• PROBLEM REQUIREMENTS: The entire listing below needs to be transcribed word for word.

• SUPPLIED MATERIAL:
(* Fix a pretransitivity bound m.  In the k-canonical frame, z is R*-reachable
   from y iff every formula of z occurs in y under Dia^{<=m}: one direction is
   the axiom Dia^{m+1} p -> Dia^{<=m} p, the other picks one j <= m serving all
   formulas of z at once (z is closed under conjunction) and builds an R-path
   of length j by Lindenbaum's lemma.  Consequently y reaches z iff z contains
   the theory of the cone R*(y); along an R*-chain these theories increase, so
   their union is consistent and extends to an upper bound of the chain.
   Zorn's lemma then gives, above every x, a point y seen back by all its
   successors, i.e. a point of depth 1. *)

From mathcomp Require Import all_boot boolp.
From mathcomp Require classical_sets.
From mathcomp Require Import zify.
From Stdlib Require Import Relations Classical.
From Stdlib Require List.

Set Implicit Arguments. Unset Strict Implicit. Unset Printing Implicit Defensive.

Lemma In_mem (T : eqType) (x : T) (s : seq T) : List.In x s <-> x \in s.
Proof.
elim: s => [|y s IH] //=; rewrite in_cons.
by split=> [[->|/IH->]|/orP[/eqP->|/IH]]; rewrite ?eqxx ?orbT; auto.
Qed.

Lemma In_map (T U : Type) (f : T -> U) (s : seq T) u :
  List.In u (map f s) <-> exists2 t, List.In t s & u = f t.
Proof.
elim: s u => [|t s IH] u /=; first by split=> // -[].
split=> [[<-|/IH [t' st' ->]]|[t' /= [<-|st'] ->]]; last by right; apply/IH; exists t'.
- by exists t => //; left.
- by exists t' => //; right.
- by left.
Qed.

Lemma ZL_preorder_Prop (T : Type) (t0 : T) (R : T -> T -> Prop) :
  (forall t, R t t) -> (forall r s t, R r s -> R s t -> R r t) ->
  (forall A, classical_sets.total_on A R -> exists t, forall s, A s -> R s t) ->
  exists t, forall s, R t s -> R s t.
Proof.
move=> Rrefl Rtrans Rchain.
have [|r s t /asboolP rs /asboolP st|A Atot|t tmax] :=
  classical_sets.ZL_preorder t0 (R := fun s t => `[< R s t >]).
- by move=> t; apply/asboolP.
- by apply/asboolP; exact: Rtrans rs st.
- have [|t At] := Rchain A; last by exists t => s /At /asboolP.
  by move=> s t As At; case: (Atot s t As At) => /asboolP; auto.
- by exists t => s /asboolP /tmax /asboolP.
Qed.

Lemma In_chain_union (T X : Type) (B : X -> Prop) (G : T -> X -> Prop)
    (A : T -> Prop) (r : T -> T -> Prop) :
  classical_sets.total_on A r -> (forall s t, r s t -> forall x, G s x -> G t x) ->
  (forall t, A t -> forall x, B x -> G t x) ->
  forall l, (forall x, List.In x l -> B x \/ exists2 t, A t & G t x) ->
  (forall x, List.In x l -> B x) \/ exists2 t, A t & forall x, List.In x l -> G t x.
Proof.
move=> Atot Gmono BG; elim=> [|x l IH] xlU; first by left.
have {IH} [lB|[t At lG]] := IH (fun y yl => xlU y (or_intror yl));
  case: (xlU x (or_introl erefl)) => [xB|[t' At' xG]].
- by left=> y [<-|/lB].
- by right; exists t' => // y [<-//|/lB]; exact: BG.
- by right; exists t => // y [<-|/lG//]; exact: BG.
- case: (Atot t t' At At') => [/Gmono tt'|/Gmono t't].
  + by right; exists t' => // y [<-//|/lG]; exact: tt'.
  + by right; exists t => // y [<-|/lG//]; exact: t't.
Qed.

• EXERCISE RESULT:
(* Fix a pretransitivity bound m.  In the k-canonical frame, z is R*-reachable
   from y iff every formula of z occurs in y under Dia^{<=m}: one direction is
   the axiom Dia^{m+1} p -> Dia^{<=m} p, the other picks one j <= m serving all
   formulas of z at once (z is closed under conjunction) and builds an R-path
   of length j by Lindenbaum's lemma.  Consequently y reaches z iff z contains
   the theory of the cone R*(y); along an R*-chain these theories increase, so
   their union is consistent and extends to an upper bound of the chain.
   Zorn's lemma then gives, above every x, a point y seen back by all its
   successors, i.e. a point of depth 1. *)

From mathcomp Require Import all_boot boolp.
From mathcomp Require classical_sets.
From mathcomp Require Import zify.
From Stdlib Require Import Relations Classical.
From Stdlib Require List.

Set Implicit Arguments. Unset Strict Implicit. Unset Printing Implicit Defensive.

Lemma In_mem (T : eqType) (x : T) (s : seq T) : List.In x s <-> x \in s.
Proof.
elim: s => [|y s IH] //=; rewrite in_cons.
by split=> [[->|/IH->]|/orP[/eqP->|/IH]]; rewrite ?eqxx ?orbT; auto.
Qed.

Lemma In_map (T U : Type) (f : T -> U) (s : seq T) u :
  List.In u (map f s) <-> exists2 t, List.In t s & u = f t.
Proof.
elim: s u => [|t s IH] u /=; first by split=> // -[].
split=> [[<-|/IH [t' st' ->]]|[t' /= [<-|st'] ->]]; last by right; apply/IH; exists t'.
- by exists t => //; left.
- by exists t' => //; right.
- by left.
Qed.

Lemma ZL_preorder_Prop (T : Type) (t0 : T) (R : T -> T -> Prop) :
  (forall t, R t t) -> (forall r s t, R r s -> R s t -> R r t) ->
  (forall A, classical_sets.total_on A R -> exists t, forall s, A s -> R s t) ->
  exists t, forall s, R t s -> R s t.
Proof.
move=> Rrefl Rtrans Rchain.
have [|r s t /asboolP rs /asboolP st|A Atot|t tmax] :=
  classical_sets.ZL_preorder t0 (R := fun s t => `[< R s t >]).
- by move=> t; apply/asboolP.
- by apply/asboolP; exact: Rtrans rs st.
- have [|t At] := Rchain A; last by exists t => s /At /asboolP.
  by move=> s t As At; case: (Atot s t As At) => /asboolP; auto.
- by exists t => s /asboolP /tmax /asboolP.
Qed.

Lemma In_chain_union (T X : Type) (B : X -> Prop) (G : T -> X -> Prop)
    (A : T -> Prop) (r : T -> T -> Prop) :
  classical_sets.total_on A r -> (forall s t, r s t -> forall x, G s x -> G t x) ->
  (forall t, A t -> forall x, B x -> G t x) ->
  forall l, (forall x, List.In x l -> B x \/ exists2 t, A t & G t x) ->
  (forall x, List.In x l -> B x) \/ exists2 t, A t & forall x, List.In x l -> G t x.
Proof.
move=> Atot Gmono BG; elim=> [|x l IH] xlU; first by left.
have {IH} [lB|[t At lG]] := IH (fun y yl => xlU y (or_intror yl));
  case: (xlU x (or_introl erefl)) => [xB|[t' At' xG]].
- by left=> y [<-|/lB].
- by right; exists t' => // y [<-//|/lB]; exact: BG.
- by right; exists t => // y [<-|/lG//]; exact: BG.
- case: (Atot t t' At At') => [/Gmono tt'|/Gmono t't].
  + by right; exists t' => // y [<-//|/lG]; exact: tt'.
  + by right; exists t => // y [<-|/lG//]; exact: t't.
Qed.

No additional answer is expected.